§ Task directions: Copy out every line of the records where the string "Import" occurs.

········

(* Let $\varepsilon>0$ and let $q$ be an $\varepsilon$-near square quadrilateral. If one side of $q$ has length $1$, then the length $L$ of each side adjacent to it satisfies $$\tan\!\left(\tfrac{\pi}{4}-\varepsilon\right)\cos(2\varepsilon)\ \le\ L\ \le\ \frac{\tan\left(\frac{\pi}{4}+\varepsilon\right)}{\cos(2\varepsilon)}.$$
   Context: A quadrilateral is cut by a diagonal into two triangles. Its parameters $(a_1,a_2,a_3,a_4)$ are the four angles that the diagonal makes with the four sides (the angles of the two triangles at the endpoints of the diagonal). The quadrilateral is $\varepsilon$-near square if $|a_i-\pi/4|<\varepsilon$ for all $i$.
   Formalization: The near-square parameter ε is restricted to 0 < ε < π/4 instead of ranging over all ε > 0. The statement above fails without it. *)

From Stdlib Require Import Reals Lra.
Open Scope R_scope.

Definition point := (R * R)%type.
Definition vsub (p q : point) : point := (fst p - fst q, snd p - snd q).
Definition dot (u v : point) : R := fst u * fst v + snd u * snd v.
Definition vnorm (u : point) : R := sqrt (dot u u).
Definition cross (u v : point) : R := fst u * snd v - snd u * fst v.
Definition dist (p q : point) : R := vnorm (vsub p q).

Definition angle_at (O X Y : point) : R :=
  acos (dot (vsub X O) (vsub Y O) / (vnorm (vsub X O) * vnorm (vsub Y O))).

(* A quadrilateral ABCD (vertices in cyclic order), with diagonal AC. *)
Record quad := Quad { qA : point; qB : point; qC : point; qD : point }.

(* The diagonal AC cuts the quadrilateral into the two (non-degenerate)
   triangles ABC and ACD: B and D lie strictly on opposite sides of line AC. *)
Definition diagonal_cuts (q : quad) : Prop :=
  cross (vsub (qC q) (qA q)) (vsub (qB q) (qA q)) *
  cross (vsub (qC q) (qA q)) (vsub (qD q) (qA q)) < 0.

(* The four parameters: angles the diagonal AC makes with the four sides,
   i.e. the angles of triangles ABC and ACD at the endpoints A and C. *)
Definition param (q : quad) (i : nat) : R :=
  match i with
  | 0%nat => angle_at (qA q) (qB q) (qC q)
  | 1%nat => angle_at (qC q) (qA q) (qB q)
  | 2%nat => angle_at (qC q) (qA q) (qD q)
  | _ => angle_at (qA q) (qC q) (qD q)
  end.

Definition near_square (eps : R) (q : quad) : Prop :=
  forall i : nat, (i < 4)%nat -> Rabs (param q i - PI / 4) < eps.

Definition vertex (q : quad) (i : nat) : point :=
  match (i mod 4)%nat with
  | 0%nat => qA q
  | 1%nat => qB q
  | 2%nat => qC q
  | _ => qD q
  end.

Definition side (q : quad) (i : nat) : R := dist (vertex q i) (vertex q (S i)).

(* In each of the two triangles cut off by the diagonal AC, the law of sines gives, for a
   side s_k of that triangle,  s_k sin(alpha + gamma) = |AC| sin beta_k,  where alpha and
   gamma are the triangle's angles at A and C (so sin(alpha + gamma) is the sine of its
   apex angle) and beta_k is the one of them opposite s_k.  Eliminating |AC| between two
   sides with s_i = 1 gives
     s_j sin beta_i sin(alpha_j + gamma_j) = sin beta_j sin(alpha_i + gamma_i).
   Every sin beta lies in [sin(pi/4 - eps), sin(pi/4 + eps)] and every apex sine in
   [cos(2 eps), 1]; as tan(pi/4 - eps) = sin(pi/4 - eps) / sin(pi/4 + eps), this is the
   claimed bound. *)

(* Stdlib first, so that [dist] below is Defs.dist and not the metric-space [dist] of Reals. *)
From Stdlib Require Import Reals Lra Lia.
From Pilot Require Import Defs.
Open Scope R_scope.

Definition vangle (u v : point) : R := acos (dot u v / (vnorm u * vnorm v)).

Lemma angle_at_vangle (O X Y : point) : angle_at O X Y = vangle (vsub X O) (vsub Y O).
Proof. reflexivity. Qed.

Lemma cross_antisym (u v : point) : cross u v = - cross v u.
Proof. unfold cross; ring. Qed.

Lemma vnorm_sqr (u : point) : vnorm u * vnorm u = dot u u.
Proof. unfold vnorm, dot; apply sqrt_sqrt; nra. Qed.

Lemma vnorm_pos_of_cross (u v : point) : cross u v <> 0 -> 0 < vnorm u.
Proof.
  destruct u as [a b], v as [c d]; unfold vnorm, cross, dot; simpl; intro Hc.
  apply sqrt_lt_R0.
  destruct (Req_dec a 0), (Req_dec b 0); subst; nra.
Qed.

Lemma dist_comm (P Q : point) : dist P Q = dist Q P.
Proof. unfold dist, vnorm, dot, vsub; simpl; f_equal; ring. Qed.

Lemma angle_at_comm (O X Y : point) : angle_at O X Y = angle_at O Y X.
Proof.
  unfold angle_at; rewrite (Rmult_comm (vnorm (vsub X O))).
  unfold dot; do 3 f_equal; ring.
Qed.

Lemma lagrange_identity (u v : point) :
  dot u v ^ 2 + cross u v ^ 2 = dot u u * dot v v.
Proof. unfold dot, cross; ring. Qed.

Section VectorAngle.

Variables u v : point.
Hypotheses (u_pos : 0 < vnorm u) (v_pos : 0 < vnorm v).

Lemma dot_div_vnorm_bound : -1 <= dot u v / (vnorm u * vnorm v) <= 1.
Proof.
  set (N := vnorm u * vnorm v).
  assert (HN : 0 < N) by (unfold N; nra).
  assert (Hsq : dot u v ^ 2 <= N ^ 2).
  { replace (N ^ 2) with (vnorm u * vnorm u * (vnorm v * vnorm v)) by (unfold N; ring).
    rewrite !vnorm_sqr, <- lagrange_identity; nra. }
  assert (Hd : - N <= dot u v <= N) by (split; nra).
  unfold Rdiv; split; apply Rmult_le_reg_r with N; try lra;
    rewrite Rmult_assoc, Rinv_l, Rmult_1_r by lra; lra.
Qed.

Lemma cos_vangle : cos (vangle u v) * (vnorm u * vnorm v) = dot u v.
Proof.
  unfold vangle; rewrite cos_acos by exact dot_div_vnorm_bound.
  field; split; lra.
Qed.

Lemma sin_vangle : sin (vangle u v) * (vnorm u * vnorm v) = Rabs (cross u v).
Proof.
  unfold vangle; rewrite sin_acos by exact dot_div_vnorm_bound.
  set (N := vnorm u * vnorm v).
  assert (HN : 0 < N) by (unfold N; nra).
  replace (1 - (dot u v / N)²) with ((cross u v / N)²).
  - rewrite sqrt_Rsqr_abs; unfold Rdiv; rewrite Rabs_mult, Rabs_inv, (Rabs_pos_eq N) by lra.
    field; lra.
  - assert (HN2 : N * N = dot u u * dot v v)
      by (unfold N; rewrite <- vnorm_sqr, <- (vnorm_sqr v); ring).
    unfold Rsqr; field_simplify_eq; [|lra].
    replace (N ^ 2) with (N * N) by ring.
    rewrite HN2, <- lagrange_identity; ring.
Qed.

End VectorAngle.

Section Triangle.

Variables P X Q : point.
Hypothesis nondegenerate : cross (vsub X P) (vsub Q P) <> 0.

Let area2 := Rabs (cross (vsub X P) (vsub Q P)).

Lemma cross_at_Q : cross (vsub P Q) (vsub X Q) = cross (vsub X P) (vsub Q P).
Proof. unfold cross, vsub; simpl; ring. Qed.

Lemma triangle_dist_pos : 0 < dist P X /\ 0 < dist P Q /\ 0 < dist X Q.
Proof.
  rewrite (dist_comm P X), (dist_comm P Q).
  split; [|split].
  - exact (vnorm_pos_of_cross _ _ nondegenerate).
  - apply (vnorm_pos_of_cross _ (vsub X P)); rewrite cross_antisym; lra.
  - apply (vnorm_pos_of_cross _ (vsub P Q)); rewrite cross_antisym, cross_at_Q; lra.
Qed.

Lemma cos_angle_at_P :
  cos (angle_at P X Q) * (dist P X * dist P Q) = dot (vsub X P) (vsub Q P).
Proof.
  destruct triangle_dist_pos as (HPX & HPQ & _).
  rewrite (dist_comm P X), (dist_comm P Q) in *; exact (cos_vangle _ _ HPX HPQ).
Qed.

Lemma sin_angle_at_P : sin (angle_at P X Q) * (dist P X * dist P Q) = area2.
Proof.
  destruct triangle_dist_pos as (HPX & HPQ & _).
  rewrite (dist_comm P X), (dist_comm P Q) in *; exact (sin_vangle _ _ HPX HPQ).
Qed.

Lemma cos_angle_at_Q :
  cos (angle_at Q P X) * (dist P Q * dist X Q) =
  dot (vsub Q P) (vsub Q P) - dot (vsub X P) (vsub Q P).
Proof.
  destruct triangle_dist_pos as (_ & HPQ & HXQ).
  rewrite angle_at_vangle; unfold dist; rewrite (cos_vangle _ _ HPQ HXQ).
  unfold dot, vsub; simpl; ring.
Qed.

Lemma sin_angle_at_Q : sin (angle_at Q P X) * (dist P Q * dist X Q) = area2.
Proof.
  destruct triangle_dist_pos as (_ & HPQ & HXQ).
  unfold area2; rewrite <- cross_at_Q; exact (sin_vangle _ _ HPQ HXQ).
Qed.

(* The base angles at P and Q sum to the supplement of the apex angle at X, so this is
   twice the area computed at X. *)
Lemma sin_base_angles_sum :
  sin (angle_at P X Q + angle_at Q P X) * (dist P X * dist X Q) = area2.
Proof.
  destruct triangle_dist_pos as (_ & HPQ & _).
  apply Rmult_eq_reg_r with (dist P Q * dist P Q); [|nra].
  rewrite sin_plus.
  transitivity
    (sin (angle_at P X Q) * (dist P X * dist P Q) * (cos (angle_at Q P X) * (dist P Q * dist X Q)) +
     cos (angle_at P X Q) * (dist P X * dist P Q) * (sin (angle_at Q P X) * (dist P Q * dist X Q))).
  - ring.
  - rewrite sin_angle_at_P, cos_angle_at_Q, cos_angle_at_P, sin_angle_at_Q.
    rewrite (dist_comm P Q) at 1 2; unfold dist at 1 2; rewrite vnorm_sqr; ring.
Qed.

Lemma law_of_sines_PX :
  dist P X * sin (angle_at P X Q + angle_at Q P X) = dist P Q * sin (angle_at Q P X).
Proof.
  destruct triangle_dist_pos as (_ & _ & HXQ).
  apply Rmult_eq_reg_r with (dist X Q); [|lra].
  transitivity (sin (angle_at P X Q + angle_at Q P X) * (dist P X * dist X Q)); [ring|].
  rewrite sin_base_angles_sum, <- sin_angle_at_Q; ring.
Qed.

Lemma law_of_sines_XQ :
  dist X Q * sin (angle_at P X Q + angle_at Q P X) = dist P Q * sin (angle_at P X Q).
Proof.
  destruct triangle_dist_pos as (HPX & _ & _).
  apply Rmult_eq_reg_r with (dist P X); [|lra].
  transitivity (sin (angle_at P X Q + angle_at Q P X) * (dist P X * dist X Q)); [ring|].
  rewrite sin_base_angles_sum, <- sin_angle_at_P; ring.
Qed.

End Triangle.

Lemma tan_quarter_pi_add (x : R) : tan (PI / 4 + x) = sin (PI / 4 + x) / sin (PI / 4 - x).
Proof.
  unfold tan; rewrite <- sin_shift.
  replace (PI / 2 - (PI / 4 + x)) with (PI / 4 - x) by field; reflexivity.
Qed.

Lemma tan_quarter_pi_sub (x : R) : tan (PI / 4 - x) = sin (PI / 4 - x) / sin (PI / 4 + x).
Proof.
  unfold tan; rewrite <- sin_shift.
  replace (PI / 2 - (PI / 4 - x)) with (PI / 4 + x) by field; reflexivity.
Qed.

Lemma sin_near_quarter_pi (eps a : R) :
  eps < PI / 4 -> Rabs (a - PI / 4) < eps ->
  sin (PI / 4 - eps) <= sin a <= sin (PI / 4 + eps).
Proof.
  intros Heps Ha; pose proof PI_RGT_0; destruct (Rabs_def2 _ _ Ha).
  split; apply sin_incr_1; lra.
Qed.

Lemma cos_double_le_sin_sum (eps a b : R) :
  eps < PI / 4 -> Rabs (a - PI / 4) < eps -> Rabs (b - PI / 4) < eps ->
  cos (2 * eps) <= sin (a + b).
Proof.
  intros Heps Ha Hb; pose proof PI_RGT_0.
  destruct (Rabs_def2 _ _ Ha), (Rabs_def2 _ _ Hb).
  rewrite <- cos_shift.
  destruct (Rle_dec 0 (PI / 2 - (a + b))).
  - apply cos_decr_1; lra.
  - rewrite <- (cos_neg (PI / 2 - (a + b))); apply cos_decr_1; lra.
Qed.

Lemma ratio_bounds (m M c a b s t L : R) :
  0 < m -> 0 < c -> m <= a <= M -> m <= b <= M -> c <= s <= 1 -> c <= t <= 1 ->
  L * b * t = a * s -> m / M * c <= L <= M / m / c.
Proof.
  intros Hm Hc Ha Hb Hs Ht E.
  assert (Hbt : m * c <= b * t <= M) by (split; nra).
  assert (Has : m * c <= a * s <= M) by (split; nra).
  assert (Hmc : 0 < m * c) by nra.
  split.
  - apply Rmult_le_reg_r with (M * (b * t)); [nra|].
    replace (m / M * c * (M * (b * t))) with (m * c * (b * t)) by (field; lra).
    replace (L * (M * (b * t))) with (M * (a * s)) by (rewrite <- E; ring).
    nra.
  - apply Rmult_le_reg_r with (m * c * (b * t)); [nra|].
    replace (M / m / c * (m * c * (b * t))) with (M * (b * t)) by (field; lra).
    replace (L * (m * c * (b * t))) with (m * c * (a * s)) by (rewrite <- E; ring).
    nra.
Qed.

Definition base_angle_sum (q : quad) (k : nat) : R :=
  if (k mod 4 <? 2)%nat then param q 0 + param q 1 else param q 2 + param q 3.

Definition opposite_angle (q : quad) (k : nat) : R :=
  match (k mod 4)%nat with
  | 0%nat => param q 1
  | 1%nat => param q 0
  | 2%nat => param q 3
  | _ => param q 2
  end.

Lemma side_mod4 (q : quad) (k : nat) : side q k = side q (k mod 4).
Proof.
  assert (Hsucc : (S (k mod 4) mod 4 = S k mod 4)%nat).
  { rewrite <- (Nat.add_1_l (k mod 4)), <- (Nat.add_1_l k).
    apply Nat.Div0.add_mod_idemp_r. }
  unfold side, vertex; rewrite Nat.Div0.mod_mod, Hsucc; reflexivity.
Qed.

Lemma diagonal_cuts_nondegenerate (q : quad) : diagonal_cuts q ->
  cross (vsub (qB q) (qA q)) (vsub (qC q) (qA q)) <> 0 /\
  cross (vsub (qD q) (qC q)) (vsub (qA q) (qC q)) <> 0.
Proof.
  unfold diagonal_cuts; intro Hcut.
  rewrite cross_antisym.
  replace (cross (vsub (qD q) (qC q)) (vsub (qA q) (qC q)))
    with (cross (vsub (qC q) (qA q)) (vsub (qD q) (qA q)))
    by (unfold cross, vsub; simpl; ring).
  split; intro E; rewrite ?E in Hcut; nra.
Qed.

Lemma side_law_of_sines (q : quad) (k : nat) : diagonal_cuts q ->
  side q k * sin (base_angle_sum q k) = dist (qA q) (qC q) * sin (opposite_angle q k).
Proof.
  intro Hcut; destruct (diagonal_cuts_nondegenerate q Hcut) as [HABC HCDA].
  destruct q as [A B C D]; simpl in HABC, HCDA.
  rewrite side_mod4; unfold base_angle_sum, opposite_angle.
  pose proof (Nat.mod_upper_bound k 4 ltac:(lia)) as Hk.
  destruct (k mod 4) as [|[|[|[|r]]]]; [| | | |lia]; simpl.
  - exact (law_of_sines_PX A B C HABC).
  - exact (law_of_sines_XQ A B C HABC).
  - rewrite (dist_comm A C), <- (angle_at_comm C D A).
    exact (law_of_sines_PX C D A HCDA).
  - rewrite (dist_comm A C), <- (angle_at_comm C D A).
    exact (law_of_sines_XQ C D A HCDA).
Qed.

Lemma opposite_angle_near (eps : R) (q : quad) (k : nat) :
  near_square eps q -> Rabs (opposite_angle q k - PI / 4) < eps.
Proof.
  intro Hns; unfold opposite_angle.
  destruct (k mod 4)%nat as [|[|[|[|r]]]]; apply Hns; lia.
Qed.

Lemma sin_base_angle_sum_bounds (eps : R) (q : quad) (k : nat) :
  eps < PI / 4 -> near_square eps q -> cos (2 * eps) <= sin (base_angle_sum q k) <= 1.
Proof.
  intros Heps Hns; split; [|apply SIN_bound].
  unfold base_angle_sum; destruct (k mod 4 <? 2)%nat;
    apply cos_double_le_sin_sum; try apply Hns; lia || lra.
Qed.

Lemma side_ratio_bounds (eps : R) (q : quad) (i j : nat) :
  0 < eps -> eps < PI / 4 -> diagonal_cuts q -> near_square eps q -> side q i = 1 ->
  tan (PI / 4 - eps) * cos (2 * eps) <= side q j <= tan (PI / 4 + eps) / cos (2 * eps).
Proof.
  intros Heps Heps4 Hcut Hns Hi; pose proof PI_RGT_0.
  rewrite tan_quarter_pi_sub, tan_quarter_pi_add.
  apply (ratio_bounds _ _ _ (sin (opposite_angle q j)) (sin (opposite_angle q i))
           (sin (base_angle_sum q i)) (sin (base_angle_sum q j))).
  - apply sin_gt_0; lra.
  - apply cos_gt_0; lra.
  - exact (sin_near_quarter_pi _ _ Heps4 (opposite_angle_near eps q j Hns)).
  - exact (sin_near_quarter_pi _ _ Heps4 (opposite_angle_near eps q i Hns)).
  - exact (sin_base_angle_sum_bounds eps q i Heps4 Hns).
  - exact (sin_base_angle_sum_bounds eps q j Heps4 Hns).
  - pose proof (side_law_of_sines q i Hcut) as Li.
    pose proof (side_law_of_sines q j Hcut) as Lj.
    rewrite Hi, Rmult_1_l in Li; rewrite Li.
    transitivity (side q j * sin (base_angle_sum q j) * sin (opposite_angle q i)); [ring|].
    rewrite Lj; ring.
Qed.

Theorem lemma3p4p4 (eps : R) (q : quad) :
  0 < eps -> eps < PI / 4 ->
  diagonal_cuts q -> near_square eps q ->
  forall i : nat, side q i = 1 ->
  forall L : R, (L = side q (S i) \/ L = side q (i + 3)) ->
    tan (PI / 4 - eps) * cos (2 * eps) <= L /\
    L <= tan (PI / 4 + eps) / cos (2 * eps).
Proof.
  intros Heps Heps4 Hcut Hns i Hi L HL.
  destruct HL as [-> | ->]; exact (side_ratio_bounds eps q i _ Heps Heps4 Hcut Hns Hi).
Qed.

········

§ Response box:
From Stdlib Require Import Reals Lra.
From Stdlib Require Import Reals Lra Lia.
From Pilot Require Import Defs.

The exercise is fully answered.